> Task item
Filter the data below, keeping only lines that contain "Require".

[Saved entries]
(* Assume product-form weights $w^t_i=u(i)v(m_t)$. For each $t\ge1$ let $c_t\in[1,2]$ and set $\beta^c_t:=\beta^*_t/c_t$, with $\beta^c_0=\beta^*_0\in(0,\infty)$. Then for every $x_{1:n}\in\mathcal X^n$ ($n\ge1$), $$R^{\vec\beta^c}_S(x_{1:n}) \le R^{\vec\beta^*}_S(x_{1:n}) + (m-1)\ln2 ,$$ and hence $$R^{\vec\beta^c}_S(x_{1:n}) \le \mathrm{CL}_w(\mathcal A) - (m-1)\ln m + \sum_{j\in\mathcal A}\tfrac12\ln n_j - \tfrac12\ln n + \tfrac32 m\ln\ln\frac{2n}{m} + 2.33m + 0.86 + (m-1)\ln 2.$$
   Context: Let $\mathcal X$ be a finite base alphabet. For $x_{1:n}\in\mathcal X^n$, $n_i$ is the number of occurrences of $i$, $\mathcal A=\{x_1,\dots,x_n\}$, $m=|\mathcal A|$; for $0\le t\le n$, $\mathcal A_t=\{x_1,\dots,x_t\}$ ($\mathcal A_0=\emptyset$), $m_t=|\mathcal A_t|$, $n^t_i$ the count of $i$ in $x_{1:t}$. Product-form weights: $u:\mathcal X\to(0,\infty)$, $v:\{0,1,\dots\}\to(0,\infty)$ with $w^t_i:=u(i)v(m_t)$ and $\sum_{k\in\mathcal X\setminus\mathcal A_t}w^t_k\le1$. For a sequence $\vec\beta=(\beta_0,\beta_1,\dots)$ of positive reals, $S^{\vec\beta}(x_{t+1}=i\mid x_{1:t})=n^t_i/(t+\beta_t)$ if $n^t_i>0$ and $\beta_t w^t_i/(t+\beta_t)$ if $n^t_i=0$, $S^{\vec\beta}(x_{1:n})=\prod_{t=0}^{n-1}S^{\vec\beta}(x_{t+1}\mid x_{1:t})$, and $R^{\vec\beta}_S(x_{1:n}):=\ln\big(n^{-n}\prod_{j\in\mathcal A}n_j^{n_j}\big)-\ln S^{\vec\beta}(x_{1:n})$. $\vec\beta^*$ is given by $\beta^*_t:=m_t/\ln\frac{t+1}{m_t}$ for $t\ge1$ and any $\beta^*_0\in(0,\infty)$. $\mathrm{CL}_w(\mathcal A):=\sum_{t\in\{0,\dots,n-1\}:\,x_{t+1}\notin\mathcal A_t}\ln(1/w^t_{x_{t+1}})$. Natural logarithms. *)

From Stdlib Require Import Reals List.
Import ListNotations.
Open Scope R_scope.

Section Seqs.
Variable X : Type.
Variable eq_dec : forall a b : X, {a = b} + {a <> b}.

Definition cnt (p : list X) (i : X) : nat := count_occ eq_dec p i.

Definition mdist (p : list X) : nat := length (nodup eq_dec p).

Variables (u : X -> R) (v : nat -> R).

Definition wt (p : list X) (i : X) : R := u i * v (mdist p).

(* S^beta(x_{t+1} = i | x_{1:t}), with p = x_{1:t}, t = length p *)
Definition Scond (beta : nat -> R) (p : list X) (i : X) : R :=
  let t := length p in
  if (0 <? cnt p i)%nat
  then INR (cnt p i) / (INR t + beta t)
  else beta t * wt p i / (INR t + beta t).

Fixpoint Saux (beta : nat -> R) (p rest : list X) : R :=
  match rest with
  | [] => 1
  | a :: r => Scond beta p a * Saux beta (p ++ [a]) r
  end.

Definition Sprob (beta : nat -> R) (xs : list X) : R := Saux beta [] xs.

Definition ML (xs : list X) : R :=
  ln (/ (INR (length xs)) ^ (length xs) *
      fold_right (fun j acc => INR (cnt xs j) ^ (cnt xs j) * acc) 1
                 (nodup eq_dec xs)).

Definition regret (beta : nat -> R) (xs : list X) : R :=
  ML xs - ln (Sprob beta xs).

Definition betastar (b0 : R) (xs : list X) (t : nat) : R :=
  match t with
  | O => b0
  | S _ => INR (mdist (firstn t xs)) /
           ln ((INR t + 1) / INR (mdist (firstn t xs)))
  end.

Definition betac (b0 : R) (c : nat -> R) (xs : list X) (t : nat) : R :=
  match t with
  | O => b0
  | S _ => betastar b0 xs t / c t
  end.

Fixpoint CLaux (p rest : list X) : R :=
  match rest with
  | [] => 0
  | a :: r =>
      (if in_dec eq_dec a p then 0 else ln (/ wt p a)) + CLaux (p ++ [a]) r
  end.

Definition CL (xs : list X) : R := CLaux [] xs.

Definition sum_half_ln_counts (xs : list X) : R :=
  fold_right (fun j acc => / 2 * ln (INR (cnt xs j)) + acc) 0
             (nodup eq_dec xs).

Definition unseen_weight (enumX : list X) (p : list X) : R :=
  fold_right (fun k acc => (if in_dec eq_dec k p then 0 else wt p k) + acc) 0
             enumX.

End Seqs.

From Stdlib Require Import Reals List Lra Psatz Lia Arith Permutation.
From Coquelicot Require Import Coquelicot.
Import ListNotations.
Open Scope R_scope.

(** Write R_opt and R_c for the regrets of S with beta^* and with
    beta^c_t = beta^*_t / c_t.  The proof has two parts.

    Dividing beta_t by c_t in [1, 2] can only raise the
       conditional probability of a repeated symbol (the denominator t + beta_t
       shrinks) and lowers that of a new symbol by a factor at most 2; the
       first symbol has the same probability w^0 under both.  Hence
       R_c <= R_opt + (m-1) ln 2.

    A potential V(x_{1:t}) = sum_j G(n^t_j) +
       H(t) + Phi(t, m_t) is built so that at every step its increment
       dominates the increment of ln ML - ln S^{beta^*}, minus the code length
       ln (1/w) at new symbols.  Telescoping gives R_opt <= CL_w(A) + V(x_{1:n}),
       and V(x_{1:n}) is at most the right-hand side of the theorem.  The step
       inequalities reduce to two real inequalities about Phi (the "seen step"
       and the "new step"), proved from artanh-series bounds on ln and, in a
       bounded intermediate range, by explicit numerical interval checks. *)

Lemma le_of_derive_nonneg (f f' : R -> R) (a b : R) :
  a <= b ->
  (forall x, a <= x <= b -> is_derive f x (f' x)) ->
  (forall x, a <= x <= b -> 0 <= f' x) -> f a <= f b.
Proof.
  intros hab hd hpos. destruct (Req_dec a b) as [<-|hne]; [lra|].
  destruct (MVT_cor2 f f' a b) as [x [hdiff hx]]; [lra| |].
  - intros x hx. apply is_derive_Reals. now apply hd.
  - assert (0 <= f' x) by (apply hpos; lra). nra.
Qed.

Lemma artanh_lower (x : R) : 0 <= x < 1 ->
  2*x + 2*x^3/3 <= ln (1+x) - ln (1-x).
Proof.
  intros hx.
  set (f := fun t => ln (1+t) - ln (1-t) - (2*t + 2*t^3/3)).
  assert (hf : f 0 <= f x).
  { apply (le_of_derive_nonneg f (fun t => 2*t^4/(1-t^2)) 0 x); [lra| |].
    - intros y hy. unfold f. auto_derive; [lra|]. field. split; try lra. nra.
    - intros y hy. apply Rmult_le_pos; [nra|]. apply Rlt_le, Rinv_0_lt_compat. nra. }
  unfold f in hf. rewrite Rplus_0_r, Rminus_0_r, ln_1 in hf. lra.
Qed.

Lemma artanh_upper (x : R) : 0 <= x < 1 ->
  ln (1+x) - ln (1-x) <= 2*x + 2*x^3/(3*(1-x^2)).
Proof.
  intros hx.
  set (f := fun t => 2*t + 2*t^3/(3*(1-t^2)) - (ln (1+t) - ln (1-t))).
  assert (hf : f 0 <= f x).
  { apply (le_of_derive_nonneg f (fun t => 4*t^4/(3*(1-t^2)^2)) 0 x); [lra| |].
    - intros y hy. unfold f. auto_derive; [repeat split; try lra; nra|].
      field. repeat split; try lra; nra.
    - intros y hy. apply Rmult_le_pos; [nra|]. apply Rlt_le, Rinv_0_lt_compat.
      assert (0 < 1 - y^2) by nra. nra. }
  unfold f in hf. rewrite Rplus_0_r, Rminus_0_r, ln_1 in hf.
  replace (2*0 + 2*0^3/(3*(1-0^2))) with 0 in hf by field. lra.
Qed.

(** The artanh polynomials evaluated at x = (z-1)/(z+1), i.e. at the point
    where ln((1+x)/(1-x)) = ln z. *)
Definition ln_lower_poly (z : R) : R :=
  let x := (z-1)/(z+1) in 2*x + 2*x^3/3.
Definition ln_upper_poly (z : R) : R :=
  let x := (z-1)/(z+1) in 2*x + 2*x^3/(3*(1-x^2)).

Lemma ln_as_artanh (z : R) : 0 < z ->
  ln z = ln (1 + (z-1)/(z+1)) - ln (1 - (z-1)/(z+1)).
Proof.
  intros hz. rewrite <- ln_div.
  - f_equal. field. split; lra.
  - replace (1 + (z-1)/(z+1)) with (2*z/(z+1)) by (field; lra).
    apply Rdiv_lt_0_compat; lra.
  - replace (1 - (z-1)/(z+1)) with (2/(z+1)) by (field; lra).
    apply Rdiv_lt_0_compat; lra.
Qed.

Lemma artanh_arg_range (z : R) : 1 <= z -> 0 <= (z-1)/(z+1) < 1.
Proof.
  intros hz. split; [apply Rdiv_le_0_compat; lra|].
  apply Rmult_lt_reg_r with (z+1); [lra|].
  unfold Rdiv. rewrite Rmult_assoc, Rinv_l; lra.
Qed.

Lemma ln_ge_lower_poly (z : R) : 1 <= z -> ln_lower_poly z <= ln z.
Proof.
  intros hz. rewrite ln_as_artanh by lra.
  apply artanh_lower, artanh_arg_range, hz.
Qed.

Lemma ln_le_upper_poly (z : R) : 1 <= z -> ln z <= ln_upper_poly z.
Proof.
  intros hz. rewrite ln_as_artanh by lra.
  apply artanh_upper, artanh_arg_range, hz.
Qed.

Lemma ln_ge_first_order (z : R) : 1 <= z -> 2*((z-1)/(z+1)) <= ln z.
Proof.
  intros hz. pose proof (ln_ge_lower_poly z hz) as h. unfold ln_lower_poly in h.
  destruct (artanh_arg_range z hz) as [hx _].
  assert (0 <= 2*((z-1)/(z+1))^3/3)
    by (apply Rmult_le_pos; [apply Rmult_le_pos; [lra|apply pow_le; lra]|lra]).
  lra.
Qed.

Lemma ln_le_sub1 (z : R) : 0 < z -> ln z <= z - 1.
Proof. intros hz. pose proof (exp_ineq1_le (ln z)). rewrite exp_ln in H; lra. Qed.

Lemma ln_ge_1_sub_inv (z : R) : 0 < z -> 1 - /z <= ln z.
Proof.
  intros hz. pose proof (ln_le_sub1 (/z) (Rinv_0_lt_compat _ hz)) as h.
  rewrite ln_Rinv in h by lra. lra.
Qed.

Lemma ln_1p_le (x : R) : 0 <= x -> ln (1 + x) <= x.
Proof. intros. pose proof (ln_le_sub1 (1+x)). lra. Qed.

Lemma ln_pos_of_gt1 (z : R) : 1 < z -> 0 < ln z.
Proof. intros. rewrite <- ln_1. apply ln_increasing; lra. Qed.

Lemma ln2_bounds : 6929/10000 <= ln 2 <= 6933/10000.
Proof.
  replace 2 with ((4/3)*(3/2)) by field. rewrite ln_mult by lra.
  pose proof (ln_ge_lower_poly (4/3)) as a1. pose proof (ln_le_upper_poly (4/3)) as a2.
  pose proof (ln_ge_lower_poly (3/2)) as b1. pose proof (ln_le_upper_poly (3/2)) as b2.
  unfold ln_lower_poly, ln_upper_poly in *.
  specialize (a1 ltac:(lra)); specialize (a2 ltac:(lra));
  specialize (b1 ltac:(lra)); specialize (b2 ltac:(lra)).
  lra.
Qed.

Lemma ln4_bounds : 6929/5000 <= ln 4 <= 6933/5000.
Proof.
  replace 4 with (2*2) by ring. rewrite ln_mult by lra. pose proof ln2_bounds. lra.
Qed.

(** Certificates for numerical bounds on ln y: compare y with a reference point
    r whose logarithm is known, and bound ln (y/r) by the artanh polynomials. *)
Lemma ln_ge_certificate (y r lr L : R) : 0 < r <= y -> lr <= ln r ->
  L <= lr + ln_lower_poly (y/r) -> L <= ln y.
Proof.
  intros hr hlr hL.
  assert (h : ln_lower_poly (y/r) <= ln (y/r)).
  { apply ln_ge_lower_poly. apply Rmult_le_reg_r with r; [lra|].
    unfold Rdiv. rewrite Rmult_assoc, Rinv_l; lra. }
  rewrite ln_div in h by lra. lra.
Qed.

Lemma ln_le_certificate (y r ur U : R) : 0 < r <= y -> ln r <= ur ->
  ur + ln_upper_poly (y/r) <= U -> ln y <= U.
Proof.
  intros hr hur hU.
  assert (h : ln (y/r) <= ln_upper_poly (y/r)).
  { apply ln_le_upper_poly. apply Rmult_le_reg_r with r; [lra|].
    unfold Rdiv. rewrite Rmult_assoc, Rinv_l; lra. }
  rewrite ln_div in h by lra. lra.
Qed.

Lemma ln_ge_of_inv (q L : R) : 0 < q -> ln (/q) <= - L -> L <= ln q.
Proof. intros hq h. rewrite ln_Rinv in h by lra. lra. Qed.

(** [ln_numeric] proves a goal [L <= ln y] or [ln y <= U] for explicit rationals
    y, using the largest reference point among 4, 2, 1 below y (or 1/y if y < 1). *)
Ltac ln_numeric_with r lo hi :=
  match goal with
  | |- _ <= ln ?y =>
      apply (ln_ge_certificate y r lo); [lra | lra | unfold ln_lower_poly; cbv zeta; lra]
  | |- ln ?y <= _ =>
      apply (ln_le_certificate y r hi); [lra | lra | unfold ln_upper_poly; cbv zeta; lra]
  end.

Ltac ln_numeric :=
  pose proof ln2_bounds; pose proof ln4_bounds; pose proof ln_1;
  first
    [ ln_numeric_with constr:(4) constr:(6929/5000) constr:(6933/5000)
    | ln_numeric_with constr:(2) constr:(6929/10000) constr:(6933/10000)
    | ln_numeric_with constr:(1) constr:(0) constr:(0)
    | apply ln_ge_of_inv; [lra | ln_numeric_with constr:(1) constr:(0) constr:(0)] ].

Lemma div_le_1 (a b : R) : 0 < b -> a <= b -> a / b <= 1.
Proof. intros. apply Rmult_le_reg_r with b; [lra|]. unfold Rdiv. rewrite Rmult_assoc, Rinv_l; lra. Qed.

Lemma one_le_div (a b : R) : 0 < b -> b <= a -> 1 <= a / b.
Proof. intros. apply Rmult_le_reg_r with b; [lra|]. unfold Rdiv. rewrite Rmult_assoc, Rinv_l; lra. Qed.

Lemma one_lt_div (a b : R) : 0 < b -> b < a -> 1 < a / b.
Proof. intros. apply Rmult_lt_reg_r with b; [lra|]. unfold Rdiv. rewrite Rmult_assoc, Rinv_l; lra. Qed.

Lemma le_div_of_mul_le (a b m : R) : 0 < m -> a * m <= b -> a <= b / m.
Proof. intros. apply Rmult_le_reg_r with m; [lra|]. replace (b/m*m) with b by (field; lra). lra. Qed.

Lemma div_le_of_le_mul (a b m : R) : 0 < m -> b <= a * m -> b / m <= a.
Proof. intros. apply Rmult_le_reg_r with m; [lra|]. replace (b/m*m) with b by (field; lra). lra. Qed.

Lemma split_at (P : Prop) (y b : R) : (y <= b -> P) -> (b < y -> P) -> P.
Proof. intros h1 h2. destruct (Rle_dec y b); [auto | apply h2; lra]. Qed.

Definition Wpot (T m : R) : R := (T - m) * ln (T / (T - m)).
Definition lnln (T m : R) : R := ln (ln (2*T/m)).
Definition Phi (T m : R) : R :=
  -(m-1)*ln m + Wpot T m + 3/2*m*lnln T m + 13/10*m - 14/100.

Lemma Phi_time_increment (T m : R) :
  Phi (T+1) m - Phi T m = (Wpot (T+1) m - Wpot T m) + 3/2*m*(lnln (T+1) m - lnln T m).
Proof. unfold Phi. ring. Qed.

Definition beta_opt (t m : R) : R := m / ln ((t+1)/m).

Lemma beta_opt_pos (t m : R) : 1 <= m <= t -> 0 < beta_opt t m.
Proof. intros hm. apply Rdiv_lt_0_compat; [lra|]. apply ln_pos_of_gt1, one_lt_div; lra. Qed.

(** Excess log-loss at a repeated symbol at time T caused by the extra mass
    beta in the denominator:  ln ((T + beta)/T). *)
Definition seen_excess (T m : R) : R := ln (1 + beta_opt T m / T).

> Answer section
From Stdlib Require Import Reals List.
From Stdlib Require Import Reals List Lra Psatz Lia Arith Permutation.
From Coquelicot Require Import Coquelicot.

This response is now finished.